Did the Blu-ray have the letterboxing areas? If so, did you leave them like that or stretch them (if you could) to fit the screen? Do the bars distract you?


----------



## bxbigpipi

No it did not have the bars, I think that's called letter boxing. I do believe you can stretch the image but I did not have to for that movie.


----------



## bxbigpipi

When are you going to pull the trigger on the new tv Osage? I'm excited for you! I always get excited whenever someone gets a new piece of equipment.


----------



## TheOtherChris

The Sharp arrived Friday.
I got it mounted on the wall Saturday, and "yes" I didn't take the time to reply because I have been "tweaking" my new display.

First Impressions.
Out of the box this TV is so much brighter than my old 57" RPTV.
I used a MonoPrice tilt wall mount (rated for 165lbs) and I am comfortable with its stability.
SOE is substantial out of the box. My son is a computer nerd and likes the 120hz refresh. I am 50+ and don't care for it, so I turned it off.
As for settings, I used Suzook's settings from AVS. They're actually for a 80" 632, but they are MUCH better than the factory settings.

OPC Off
Backlight +1
Contrast +28
Brightness +1
Color 0
Tint 0
Sharpness 0

Advanced Value
C.M.S. - Hue
R 0
Y +2
G -10
C -9
B 0
M +2

C.M.S. - Saturation
R 0
Y -10
G -5
C 0
B 0
M 0
C.M.S. - Value
R -2
Y -2
G +3
C -18
B +10
M -12
Color Temp. Low
R Gain (LO) +1
G Gain (LO) 0
B Gain (LO) +1
R Gain (HI) 0
G Gain (HI) 0
B Gain (HI) -8
Motion Enhancement 120Hz Lo
Active Contrast Off
Gamma Adjustment 0
Film Mode Off
DNR Off
Monochrome Off
Range of OPC NA

This TV provides great shadow detail that I was missing with my old RPTV. 
The size difference is wonderful. I am VERY glad I went up to the 70".
DTV feed in HD is much better on this set than the old one as well.
Interestingly, I actually prefer the factory settings (with 120hz refresh) for PIXAR material as it is just stunning.

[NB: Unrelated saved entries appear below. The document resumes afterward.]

Lemma integralB_cst :
  \int[mu]_(x in D) (f x - a)%R%:E = \int[mu]_(x in D) (f x)%:E - a%:E * mu D.
Proof.
rewrite (integralB_EFin mD intf (finite_measure_integrable_cst _ a mD)).
by rewrite -integral_cst.
Qed.

Lemma ae_le_cst_integral :
  {ae mu, forall x, (f x <= a)%R} -> \int[mu]_(x in D) (f x)%:E <= a%:E * mu D.
Proof.
move=> fa; rewrite -sube_le0 ?fin_numM ?fin_num_measure// -integralB_cst.
rewrite (ae_eq_integral (fun x => - `|(f x - a)%R%:E|))//.
- by rewrite integral_ge0N// oppe_le0; exact: integral_ge0.
- exact/measurableT_comp/measurableT_comp.
- apply: filterS fa => x fxa _.
  by rewrite lee0_abs ?oppeK// lee_fin subr_le0.
Qed.

Lemma gt_cst_integral_measure0 : (forall x, D x -> (a < f x)%R) ->
  \int[mu]_(x in D) (f x)%:E <= a%:E * mu D -> mu D = 0.
Proof.
move=> af; rewrite -sube_le0 ?fin_numM ?fin_num_measure// -integralB_cst => le0.
have : \int[mu]_(x in D) `|(f x - a)%R%:E| = 0.
  apply/eqP; rewrite eq_le integral_ge0// andbT.
  rewrite (eq_integral (fun x => (f x - a)%R%:E))// => x /set_mem Dx.
  by rewrite gee0_abs// lee_fin subr_ge0 ltW// af.
move/(ae_eq_integral_abs _ mD mf) => [N [mN N0 sub]].
apply: (subset_measure0 mD mN) N0 => x Dx; apply: sub => /(_ Dx) /eqP.
by rewrite /cst eqe subr_eq0 gt_eqF// af.
Qed.

End integral_cst_bounds.

Section conditional_expectation.
Context d (T : measurableType d) (R : realType) (P : probability T R).
Variables (G : set (set T)) (Z : T -> R).
Hypothesis sG : sigma_algebra setT G.
Hypothesis GP : G `<=` measurable.
Hypothesis iZ : P.-integrable setT (fun w => (Z w)%:E).
Local Open Scope ereal_scope.

Lemma cond_exp_version_exists : exists W, cond_exp_version P G Z W.
Proof.
have mid := measurable_fun_id_g_sigma GP.
pose iG : {mfun T >-> g_sigma_algebraType G} := mfun_Sub (mem_set mid).
pose mu := distribution P iG.
have numu : sub_sigma_integral GP iZ `<< mu.
  apply/null_content_dominatesP => A mA muA.
  have mA' := g_sigma_sub_measurable GP mA.
  by apply: null_set_integral => //;
    exact: measurable_funS measurableT (@subsetT _ _) (measurable_int _ iZ).
have f_fin := Radon_Nikodym_fin_num _ numu.
have if_mu := Radon_Nikodym_integrable numu.
have f_int := Radon_Nikodym_integral numu.
set f := Radon_Nikodym _ _ in f_fin if_mu f_int.
have fE : (fun x => (fine (f x))%:E) = f by apply/funext => x; rewrite fineK.
have mf := measurable_int _ if_mu.
have mfP : measurable_fun [set: T] (f \o iG) by exact: measurableT_comp mf mid.
have if_P : P.-integrable [set: T] (f \o iG).
  apply/integrableP; split => //.
  have := (integrableP _ _ _ if_mu).2.
  by rewrite ge0_integral_pushforward//; exact: measurableT_comp.
have GE := measurable_g_measurableTypeE sG.
exists (fun x => fine (f x)); split; [|split].
- move=> B mB; rewrite -GE -[_ @^-1` _]setTI.
  by apply: (measurable_EFinP _ _).1 => //; rewrite /comp fE.
- by rewrite fE.
- move=> A GA; rewrite fE.
  have mA : (G.-sigma).-measurable (A : set (g_sigma_algebraType G)).
    by rewrite GE.
  transitivity (sub_sigma_integral GP iZ A); last by [].
  rewrite (f_int _ mA) integral_pushforward//.
  exact: integrableS measurableT (GP GA) (@subsetT _ _) if_P.
Qed.

Lemma cond_exp_le_integral (A : R) : cond_exp_le P G Z A ->
  forall B, G B -> \int[P]_(w in B) (Z w)%:E <= A%:E * P B.
Proof.
move=> ZA B GB; have [W hW] := cond_exp_version_exists.
have [_ [iW eW]] := hW.
rewrite -eW//; apply: ae_le_cst_integral (GP GB) _ (ZA W hW).
exact: integrableS measurableT (GP GB) (@subsetT _ _) iW.
Qed.

Lemma cond_exp_le_exhaustion (A : R) (E : (set T)^nat) :
  \bigcup_N E N = setT -> (forall B N, G B -> G (B `&` E N)) ->
  (forall B N, G B ->
     \int[P]_(w in B `&` E N) (Z w)%:E <= A%:E * P (B `&` E N)) ->
  cond_exp_le P G Z A.
Proof.
move=> covE GE ZA W [mW [iW eW]]; set H := [set w | (A < W w)%R].
have GH : G H.
  have := mW _ (measurable_itv `]A, +oo[).
  rewrite (_ : W @^-1` _ = H)//.
  by apply/seteqP; split => w; rewrite /= in_itv/= andbT.
have H0 N : P (H `&` E N) = 0.
  have mHN := GP (GE _ N GH).
  apply: (gt_cst_integral_measure0 (f := W) (a := A) mHN).
  - exact: integrableS measurableT mHN (@subsetT _ _) iW.
  - by move=> w [].
  - by rewrite eW; [exact: ZA|exact: GE].
change (P.-negligible (~` [set w | (W w <= A)%R])).
apply: (@negligibleS _ _ _ _ (\bigcup_N (H `&` E N))).
  move=> w /negP; rewrite -ltNge => Aw.
  have [N _ ENw] : (\bigcup_N E N) w by rewrite covE.
  by exists N.
apply: negligible_bigcup => N.
by exists (H `&` E N); split => //; [exact: GP (GE _ N GH)|exact: H0].
Qed.

End conditional_expectation.

Section upper_grid.
Variable R : realType.
Implicit Types (n k : nat) (r : R).

Definition grid_index n r : nat := `|Num.ceil (r * n.+1%:R)|%N.

Definition upper_grid n r : R := (grid_index n r)%:R / n.+1%:R.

First row distance to the screen is now 12' and the screen is tilted about 5° from vertical.
Ceiling height is only 7' in this basement theater cave.

I haven't trimmed out the install yet, but I will post pics when finished.








I took a pic of the Hitachi before I finished disconnecting everything. 
The window behind it had been covered with aluminum foil for light. (gehtto, I know)









We decided to cover the window this time (leaving the mini blind showing from the outside)
The frame is lag screwed to the window studs and header.
You can see a small vertical board to the right and left. 
This represents the edges of the new display to be centered in the wall. 
The window was NOT centered.









Most of the wall is now covered in beadboard (I have to scribe the last piece to fit)
The TV mounted to the wall.
The "plan" is to get a low console for gear to sit below the display and ditch the tower on the right.
ISF calibration will be done in about a month after the display has had a chance to "equalize".


----------



## Osage_Winter

bxbigpipi said:


> No it did not have the bars, I think that's called letter boxing. I do believe you can stretch the image but I did not have to for that movie.


LOL...yes...it's called "letterboxing"...when the black areas (known as "bars") are on the sides of the screen (for, example, full screen/4:3 material presented on a 16:9 widescreen display without stretching), that is known as *pillarboxing*. :T


----------



## Osage_Winter

bxbigpipi said:


> When are you going to pull the trigger on the new tv Osage? I'm excited for you! I always get excited whenever someone gets a new piece of equipment.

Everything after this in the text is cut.